Membaca Alquran adalah salah satu ibadah yang memiliki keutamaan besar, ganjaran pahala yang didapatkan oleh pembacanya dihitung perhuruf dengan sepuluh kebaikan, hal ini selaras dengan hadis Nabi yang berbunyi:
مَنْ قَرَأَ حَرْفًا مِنْ كِتَابِ اللَّهِ فَلَهُ بِهِ حَسَنَةٌ، وَالحَسَنَةُ بِعَشْرِ أَمْثَالِهَا، لَا أَقُولُ الم حَرْفٌ، وَلَكِنْ أَلِفٌ حَرْفٌ وَلَامٌ حَرْفٌ وَمِيمٌ حَرْفٌ
“Siapa yang membaca satu huruf dari Alquran, maka dia akan mendapat satu kebaikan. Sedangkan satu kebaikan dilipatkan menjadi sepuluh semisalnya. Aku tidak mengatakan alif lâm mîm satu huruf. Akan tetapi, alif satu huruf, lâm satu huruf, dan mîm satu huruf,” (HR. At-Tirmidzi).
Di kalangan para penghafal Alquran, ada istilah bil ghaib dan bin nadzar. Bil ghaib yakni membaca Alquran dengan hafalan tanpa melihat mushaf, sedangkan bin nadzar membaca Alquran dengan melihat mushaf. Dari hal ini muncul pertanyaan, mana yang lebih utama antara dua cara membaca Alquran tersebut?
Baca Juga: Hafalan Alquran dan Kesalehan Penghafalnya
Pertanyaan ini sudah dijawab oleh al-Imam Jalaluddin as-Suyuti dalam kitabnya, al-Itqan fi Ulumil Qur’an di bab adab membaca Alquran.

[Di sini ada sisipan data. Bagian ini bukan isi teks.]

Lemma is_derive_pos_le_linear f df (k p : R) : is_derive_pos f df -> 0 < k -> f 0 <= 0 ->
  (forall c, 0 < c -> f c <= p -> df c <= k) ->
  forall t, 0 <= t -> k * t <= p -> f t <= k * t.
Proof.
move=> fdf k_gt0 f0 df_le t t0 kt.
have hdh := is_derive_posB_affine 0 k fdf.
rewrite -subr_le0 -[k * t]add0r.
apply: (real_induction (h := fun r => f r - (0 + k * r)) t0) => [|s s0|s s0 st hs].
- by rewrite mulr0 !addr0 subr0.
- exact: is_derive_pos_cvg hdh s0.
have fs_lt : f s < p.
  have : k * s < k * t by rewrite ltr_pM2l.
  lra.
suff /(is_derive_pos_nincr_near hdh s0) : \forall c \near s^'+, df c - k <= 0.
  by apply: filterS => r /=; lra.
apply: filterS2 _ _ (nbhs_right_gt s) (cvgr_lt _ (is_derive_pos_cvg_right fdf s0) _ fs_lt).
by move=> c sc fc; rewrite subr_le0; apply: df_le; lra.
Qed.

End derive_on_positive_reals.

Section drift_bound.
Variable R : rcfType.

Lemma dot2_le (X Y u v e m : R) : 0 <= e -> 0 <= m ->
  X ^+ 2 + Y ^+ 2 <= e ^+ 2 -> u ^+ 2 + v ^+ 2 <= m ^+ 2 -> X * v + Y * u <= e * m.
Proof.
move=> e0 m0 XY uv.
have cauchy_schwarz : (X * v + Y * u) ^+ 2 <= (X ^+ 2 + Y ^+ 2) * (u ^+ 2 + v ^+ 2).
  by have := sqr_ge0 (X * u - Y * v); nra.
have : (X ^+ 2 + Y ^+ 2) * (u ^+ 2 + v ^+ 2) <= (e * m) ^+ 2.
  by rewrite exprMn; apply: ler_pM => //; apply: addr_ge0; apply: sqr_ge0.
have : 0 <= e * m by apply: mulr_ge0.
nra.
Qed.

Lemma rate_threshold (p eps K : R) : 0 < p -> p < 1 -> 0 <= eps -> 0 <= K ->
  p <= 2^-1 - K / (2 * Num.sqrt (4 * eps ^+ 2 + K ^+ 2)) ->
  K * p <= eps * Num.sqrt (p - p ^+ 2).
Proof.
move=> p0 p1 eps0 K0 hp.
set r := Num.sqrt _ in hp.
have r0 : 0 <= r := sqrtr_ge0 _.
have r2 : r ^+ 2 = 4 * eps ^+ 2 + K ^+ 2 by rewrite sqr_sqrtr //; nra.
have Kr_ge0 : 0 <= K / (2 * r) by apply: divr_ge0 => //; apply: mulr_ge0.
have Kr : K <= r * (1 - 2 * p).
  have [r_eq0|r_neq0] := eqVneq r 0.
    by rewrite r_eq0 mul0r; move: r2; rewrite r_eq0; nra.
  have r_gt0 : 0 < r by rewrite lt_neqAle eq_sym r_neq0 r0.
  have : K / (2 * r) <= 2^-1 - p by lra.
  rewrite ler_pdivrMr; last by rewrite mulr_gt0.
  lra.
have K2 : K ^+ 2 * (p * (1 - p)) <= eps ^+ 2 * (1 - 2 * p) ^+ 2.
  have : K ^+ 2 <= r ^+ 2 * (1 - 2 * p) ^+ 2.
    by rewrite -exprMn ler_sqr ?nnegrE //; apply: le_trans Kr.
  rewrite r2; nra.
have K2p : K ^+ 2 * p <= eps ^+ 2 * (1 - p).
  have : eps ^+ 2 * (1 - 2 * p) ^+ 2 <= eps ^+ 2 * (1 - p) ^+ 2.
    by apply: ler_wpM2l; [apply: sqr_ge0 | rewrite ler_sqr ?nnegrE; lra].
  move=> /(le_trans K2); rewrite -(ler_pM2r (_ : 0 < 1 - p)); last lra.
  nra.
have sp2 : Num.sqrt (p - p ^+ 2) ^+ 2 = p - p ^+ 2 by rewrite sqr_sqrtr //; nra.
rewrite -ler_sqr ?nnegrE ?mulr_ge0 ?sqrtr_ge0 //=; last lra.
nra.
Qed.
(* The zero set of a polynomial function that does not vanish identically is
   mu^n-null: above every point where the leading coefficient (in the last
   variable) of a witness of non-vanishing is nonzero, the section is the root
   set of a nonzero polynomial, and the leading coefficient vanishes only on a
   null set by induction. *)
Lemma rpoly_zeros_null n F : rpoly n F -> (exists y, F y != 0) ->
  pow_law R mu n [set y | F y = 0] = 0%E.
Proof.
elim: n F => [|n IH] F.
  move=> [c Fc] [y Fy]; have -> : [set y | F y = 0] = set0.
    by apply/seteqP; split => // z /= Fz; move: Fy; rewrite Fc -(Fc z) Fz eqxx.
  exact: measure0.
move=> rF [[y0 t0] Fy0]; have mS := rpoly_zeros_measurable rF.
case: rF => [J [c [e [hc hF]]]].
pose Py y := \sum_(j : J) c j y *: 'X^(e j) : {poly R}.
have PyE y t : (Py y).[t] = F (y, t).
  by rewrite hF horner_sum; apply: eq_bigr => j _; rewrite hornerZ hornerXn.
have Py0 : Py y0 != 0 by apply: contra Fy0 => /eqP h; rewrite -PyE h horner0.
pose k := (size (Py y0)).-1.
pose C y := \sum_(j : J) c j y * (e j == k)%:R.
have CE y : (Py y)`_k = C y.
  by rewrite coef_sum; apply: eq_bigr => j _; rewrite coefZ coefXn eq_sym.
have rC : rpoly n C by apply: rpoly_sum => j; exact: rpoly_mul (hc j) (rpoly_const _ _).
have C0 : C y0 != 0 by rewrite -CE -lead_coefE lead_coef_eq0.
apply: (product_null_sections mS (rpoly_zeros_measurable rC)).
  by apply: IH => //; exists y0.
move=> y /eqP Cy; have -> : xsection [set z | F z = 0] y = [set t | (Py y).[t] = 0].
  by apply/seteqP; split => t; rewrite /xsection /= inE PyE.
by apply: mu_roots; apply: contra Cy => /eqP Py_eq0; rewrite -CE Py_eq0 coef0.
Qed.

End NullZeroSets.

Section PolynomialFunctions.
Context {R : realType} {I : Type}.

Inductive polyfun : ((I -> R) -> R) -> Prop :=
  | polyfun_const c : polyfun (fun _ => c)
  | polyfun_coord i : polyfun (fun v => v i)
  | polyfun_add F G : polyfun F -> polyfun G -> polyfun (fun v => F v + G v)
  | polyfun_mul F G : polyfun F -> polyfun G -> polyfun (fun v => F v * G v).

Lemma polyfun_ext {F G} : polyfun F -> F =1 G -> polyfun G.
Proof. by move=> pF /funext <-. Qed.

Lemma polyfun_sum (J : finType) (F : J -> (I -> R) -> R) :
  (forall j, polyfun (F j)) -> polyfun (fun v => \sum_(j : J) F j v).
Proof.
move=> hF; rewrite unlock /reducebig.
elim: (index_enum J) => [|a s IH] /=; [exact: polyfun_const | exact: polyfun_add].
Qed.

Lemma polyfun_prod (J : finType) (F : J -> (I -> R) -> R) :
  (forall j, polyfun (F j)) -> polyfun (fun v => \prod_(j : J) F j v).
Proof.
move=> hF; rewrite unlock /reducebig.
elim: (index_enum J) => [|a s IH] /=; [exact: polyfun_const | exact: polyfun_mul].
Qed.

Lemma polyfun_det K (A : (I -> R) -> 'M[R]_K) :
  (forall i j, polyfun (fun v => A v i j)) -> polyfun (fun v => \det (A v)).
Proof.
move=> hA; apply: polyfun_sum => s; apply: polyfun_mul; first exact: polyfun_const.
by apply: polyfun_prod => i; exact: hA.
Qed.

Lemma polyfun_rpoly F : polyfun F ->
  forall n (pos : I -> nat), rpoly n (fun y => F (fun i => coord R n (pos i) y)).
Proof.
move=> pF n pos; elim: pF => [c|i|F1 F2 _ rF1 _ rF2|F1 F2 _ rF1 _ rF2].
- exact: rpoly_const.
- exact: rpoly_coord.
- exact: rpoly_add.
- exact: rpoly_mul.
Qed.

End PolynomialFunctions.

Section DiagonalSandwich.
Context {R : realType}.

(* The matrix of the linear map g |-> U *m diag_mx g *m V, whose output
   entries are indexed through rho : 'I_K -> 'I_p * 'I_q: column c holds the
   coefficients of the entry rho c (see [row_sandwich_mx]). *)
Definition sandwich_mx {K p q} (rho : 'I_K -> 'I_p * 'I_q)
    (U : 'M[R]_(p, K)) (V : 'M[R]_(K, q)) : 'M[R]_K :=
  \matrix_(k, c) (U (rho c).1 k * V k (rho c).2).

Lemma row_sandwich_mx {K p q} (rho : 'I_K -> 'I_p * 'I_q) (U : 'M[R]_(p, K))
    (V : 'M[R]_(K, q)) (g : 'rV[R]_K) c :
  (g *m sandwich_mx rho U V) 0 c = (U *m diag_mx g *m V) (rho c).1 (rho c).2.
Proof.
rewrite mul_mx_diag !mxE; apply: eq_bigr => k _; rewrite !mxE.
by rewrite mulrCA mulrA.
Qed.

Lemma sandwich_mx_surj {K p q} {rho : 'I_K -> 'I_p * 'I_q} {rho' : 'I_p * 'I_q -> 'I_K} :
  cancel rho' rho -> forall U V, \det (sandwich_mx rho U V) != 0 ->
  forall B : 'M[R]_(p, q), exists g : 'rV[R]_K, U *m diag_mx g *m V = B.
Proof.
move=> rhoK U V hdet B.
have hu : sandwich_mx rho U V \in unitmx by rewrite unitmxE unitfE.
pose b : 'rV[R]_K := \row_c B (rho c).1 (rho c).2.
exists (b *m invmx (sandwich_mx rho U V)); apply/matrixP => i j.
have := row_sandwich_mx rho U V (b *m invmx (sandwich_mx rho U V)) (rho' (i, j)).
by rewrite mulmxKV // mxE rhoK => ->.
Qed.

Definition select_rows {K p q} (rho : 'I_K -> 'I_p * 'I_q) : 'M[R]_(p, K) :=
  \matrix_(i, k) ((rho k).1 == i)%:R.
Definition select_cols {K p q} (rho : 'I_K -> 'I_p * 'I_q) : 'M[R]_(K, q) :=
  \matrix_(k, j) ((rho k).2 == j)%:R.
(* Let $A\subset C(X)$ be a uniform algebra, let $\theta : A\to M_n(\mathbb{C})$ be a continuous unital homomorphism, and let $\alpha : A\to A$ be a unital antilinear contraction. Suppose that $$\theta_\alpha(f):=\tfrac12\bigl(\theta(f)+\theta(\alpha(f))^*\bigr)$$ satisfies $\|\theta_\alpha\|\le 1$. If $p\in A$ is a self-adjoint projection, meaning $p^2=p$ and $\overline{p}=p$, then $\theta(p)$ is a self-adjoint projection in $M_n(\mathbb{C})$.
   Context: A uniform algebra is a norm-closed subalgebra of $C(X)$, for $X$ a compact Hausdorff space, containing the constants, with the supremum norm. A map $\alpha$ is antilinear if $\alpha(\lambda f+g)=\overline\lambda\alpha(f)+\alpha(g)$. It is a contraction if $\|\alpha(f)\|\le\|f\|$, and it is unital if $\alpha(1)=1$. $M_n(\mathbb{C})$ carries the operator norm. *)

From HB Require Import structures.
From mathcomp Require Import all_boot all_order all_algebra.
From mathcomp Require Import all_classical all_reals all_analysis.
From mathcomp Require Export complex.
Export numFieldTopology.Exports.
Import Order.TTheory GRing.Theory Num.Theory.
Set Implicit Arguments. Unset Strict Implicit. Unset Printing Implicit Defensive.
Local Open Scope ring_scope.
Local Open Scope classical_set_scope.

Section Defs.
Variable R : realType.
Local Notation C := R[i].

Definition cmod (z : C) : R := complex.Re `|z|.

Definition supnorm (X : Type) (f : X -> C) : R := sup (range (fun x => cmod (f x))).

Definition vnorm n (v : 'cV[C]_n) : R := Num.sqrt (\sum_(i < n) cmod (v i ord0) ^+ 2).

Definition opnorm n (M : 'M[C]_n) : R :=
  sup [set vnorm (M *m v) | v in [set v : 'cV[C]_n | vnorm v <= 1]].

Definition adjmx n (M : 'M[C]_n) : 'M[C]_n := map_mx Num.conj M^T.

Definition CX (X : topologicalType) : set (X -> C) := [set f | continuous (f : X -> Num.ClosedField.sort (C : numClosedFieldType))].

Definition uniform_algebra (X : topologicalType) (A : set (X -> C)) : Prop :=
  A `<=` @CX X /\
  [/\ (forall c : C, A (fun _ => c)),
      (forall f g, A f -> A g -> A (fun x => f x + g x)),
      (forall (c : C) f, A f -> A (fun x => c * f x)),
      (forall f g, A f -> A g -> A (fun x => f x * g x)) &
      (forall g, @CX X g ->
         (forall e : R, 0 < e -> exists2 f, A f & supnorm (fun x => f x - g x) < e) ->
         A g)].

Pada penjelasannya, as-Suyuti mengutip pendapat Imam an-Nawawi yang menyatakan bahwa melihat mushaf adalah bentuk ibadah juga, maka membaca Alquran bin nadzar menjadi lebih utama, demikian pula pendapat para salaf dan an-Nawawi tidak menemukan adanya perbedaan pendapat dalam hal ini.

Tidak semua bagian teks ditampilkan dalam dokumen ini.